Однажды этих чувств накопилось так много, что я, обыкновенно краткая и сдержанная, без особой надежды на помощь рассказала на исповеди о своих горестях. Священник задумчиво выслушал меня и задал всего один вопрос: «Какая фамилия у твоего одноклассника?» А услышав мой ответ, улыбнулся: «Похожий почерк. Я учился в школе с его папой».
Всего одна фраза. Но какое же утешение она подарила моей неуверенной детской душе. Неужели над батюшкой – таким взрослым и мудрым – когда-то могли смеяться? Неужели тот мальчик, каким он был, смог вырасти в такого уверенного взрослого? Неужели я тоже однажды смогу расправить плечи, не получая в спину смешки о своей вере?..
Всего одна фраза. Но она превратила меня из неуклюжей одинокой девочки в преемницу Истины.
Спасибо, Господи, за слова, которыми Ты утешаешь нас друг через друга.
Игра в ассоциации
Давай поиграем в ассоциации? Я скажу тебе слово: «Литература». О чём ты подумаешь?
Может быть, о Пушкине, который «наше всё». А может быть, о русской поэзии серебряного века – противоречивой и надломленной. А почему, собственно, обязательно о русской? Мало, что ли, на свете других стран? Гомер и Гёте, Данте и Диккенс, Шекспир и Шекли, Ремарк и Роулинг – называй любое имя и будешь прав. Потому что наверняка про литературу можно сказать только одно – она разная. И если кто-нибудь скажет: «Неправильно, литература должна ассоциироваться со школьным кабинетом на третьем этаже», – ты сможешь вполне резонно ответить: «Сударь, при всём уважении, это – ваше частное мнение».
А теперь я скажу тебе слово: «Христианство». О чём ты подумаешь?
Может быть, о его богатейшем культурном наследии – пении и иконах. А может быть, о его святых. Может быть, о страстях, а может, о добродетелях. А может быть, ты, оказавшись в меньшинстве, подумаешь о Христе. Полуразрушенные храмы русского севера или римские катакомбы, украшенные драгоценными камнями потиры или изданные на дешёвой бумаге Евангелия, заповеди и таинства – это тоже христианство. Такое разное и многоликое. Способное утешить и малограмотную старушку, и интеллигентного учёного.

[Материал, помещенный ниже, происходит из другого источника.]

Lemma PPhi_kernel_cvg y k : H k -> (forall g, H g -> g y = ip g k) ->
  hcvg (PPhi^~ k) (Mop Phi (Mstar_Phi k)).
Proof.
move=> hk k_rep; have [K [hK cK]] := PPhi_cauchy hk.
suff <- : K = Mop Phi (Mstar_Phi k) by [].
apply: (hcvg_eq_pointwise hH (fun n => PPhi_H n hk) hK cK) => x.
have -> : (fun n => PPhi n k x) = fun n => Phi_ n x * ((Phi_ n y)^* * k x).
  apply: funext => n.
  by rewrite /PPhi (adjoint_kernel hH (Phi_prod_ball n).1 (Phi_prod_adj n) hk k_rep).
rewrite /Mop (adjoint_kernel hH Phi_mult Phi_adj hk k_rep) /fscale.
exact: ccvgM (Phi_prod_cvg x) (ccvgM (ccvgJ (Phi_prod_cvg y)) (ccvg_cst _)).
Qed.

Lemma PPhi_cvg f : H f -> hcvg (PPhi^~ f) (Mop Phi (Mstar_Phi f)).
Proof.
move=> hf; have [L [hL cL]] := PPhi_cauchy hf.
suff <- : L = Mop Phi (Mstar_Phi f) by [].
apply: (hcvg_eq_pointwise hH (fun n => PPhi_H n hf) hL cL) => y.
have [k hk k_rep] := exists_kernel hH y.
have -> : (fun n => PPhi n f y) = fun n => ip f (PPhi n k).
  apply: funext => n; rewrite k_rep; last exact: PPhi_H.
  exact: (MMadj_sym hH (Phi_prod_ball n).1 (Phi_prod_adj n) hf hk).
have hPk : H (Mop Phi (Mstar_Phi k)) by apply/Phi_mult/Phi_adj.1.
rewrite k_rep; last by apply/Phi_mult/(Phi_adj.1 _ hf).
rewrite (MMadj_sym hH Phi_mult Phi_adj hf hk).
exact: (hcvg_ipr hH hf (fun n => PPhi_H n hk) hPk (PPhi_kernel_cvg hk k_rep)).
Qed.

Lemma PPhi_telescope f N x : H f ->
  \sum_(1 <= n < N.+1) Mop (Phi_ n.-1) (Qop (phi n) (Mstar_phi n) (Mstar_Phi_n n.-1 f)) x
    = f x - PPhi N f x.
Proof.
move=> hf; elim: N => [|N IH].
  by rewrite big_geq // /PPhi Mstar_Phi_n0 // Phi_prod0 /Mop mul1r subrr.
rewrite big_nat_recr //= IH /PPhi /Qop /fsub /Mop -Mstar_Phi_nS // Phi_prodS; ring.
Qed.

End ProductExpansion.

Theorem theorem2p2 (R : realType) (X : Type)
  (H : set (X -> R[i])) (ip : (X -> R[i]) -> (X -> R[i]) -> R[i])
  (phi : nat -> (X -> R[i])) (Phi : X -> R[i])
  (Mstar_phi : nat -> (X -> R[i]) -> (X -> R[i]))
  (Mstar_Phi_n : nat -> (X -> R[i]) -> (X -> R[i]))
  (Mstar_Phi : (X -> R[i]) -> (X -> R[i])) :
  is_RKHS H ip ->
  (forall n, (1 <= n)%N -> mult_ball H ip (phi n)) ->
  multiplier H Phi ->
  (forall x : X, forall e : R, 0 < e -> exists N, forall n, (N <= n)%N ->
      cabs (Phi_prod phi n x - Phi x) < e) ->
  (forall n, (1 <= n)%N -> is_adjoint H ip (Mop (phi n)) (Mstar_phi n)) ->
  (forall n, is_adjoint H ip (Mop (Phi_prod phi n)) (Mstar_Phi_n n)) ->
  is_adjoint H ip (Mop Phi) Mstar_Phi ->
  forall f, H f ->
    (fun N : nat => hnorm ip
       (fsub f (fun x => Mop Phi (Mstar_Phi f) x +
          \sum_(1 <= n < N.+1)
             Mop (Phi_prod phi n.-1)
               (Qop (phi n) (Mstar_phi n) (Mstar_Phi_n n.-1 f)) x)))
      @ \oo --> (0 : R).
Proof.
move=> hH phi_ball Phi_mult Phi_prod_cvg phi_adj Phi_prod_adj Phi_adj f hf.
have partial_sum N : fsub f (fun x => Mop Phi (Mstar_Phi f) x +
    \sum_(1 <= n < N.+1) Mop (Phi_prod phi n.-1)
      (Qop (phi n) (Mstar_phi n) (Mstar_Phi_n n.-1 f)) x)
    = fsub (PPhi phi Mstar_Phi_n N f) (Mop Phi (Mstar_Phi f)).
  by apply: funext => x; rewrite /fsub (PPhi_telescope hH phi_ball phi_adj Phi_prod_adj) //; ring.
under eq_fun do rewrite partial_sum.
apply/hcvgP.
exact: (PPhi_cvg hH phi_ball Phi_mult Phi_prod_cvg phi_adj Phi_prod_adj Phi_adj hf).
Qed.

Что бы ты ни сказал, ты будешь прав. Ведь не бывает неправильных ассоциаций.
Просто если бы нас подслушивал спрятавшийся за дверью психолог (нет-нет, не переживай, я никого не приглашала, это так, фантазия), то он бы сказал, что твои ассоциации – в первую очередь не о христианстве, а о тебе самом. Такие уж психологи люди – вечно что-нибудь говорят…
Целомудрие
Целомудрие до отношений – это собирание костра.
Это время, когда ты, полный радостного интереса к удивительному миру вокруг, накапливаешь жизненный опыт. Соединяя веточки открытий, ты вьёшь свой внутренний мир. Осторожно выбираешь прутики, чтобы не вплести в свою душу гнилые. Ведь когда в твоём костре гнилое или пластмассовое, то бывает режущий глаза дым.
Идя по увлекательной дороге самопознания, ты открываешь в себе силу своего пола. Ты замираешь, любуясь на свою спящую мужественность или женственность. Благодаришь Бога за то, что она – такая удивительная и прекрасная – в тебе есть. Укрываешь её махровым одеялом, чтобы не тревожить хрупкий сон. Ведь огонь – это не ручной котёнок, с которым можно поиграть.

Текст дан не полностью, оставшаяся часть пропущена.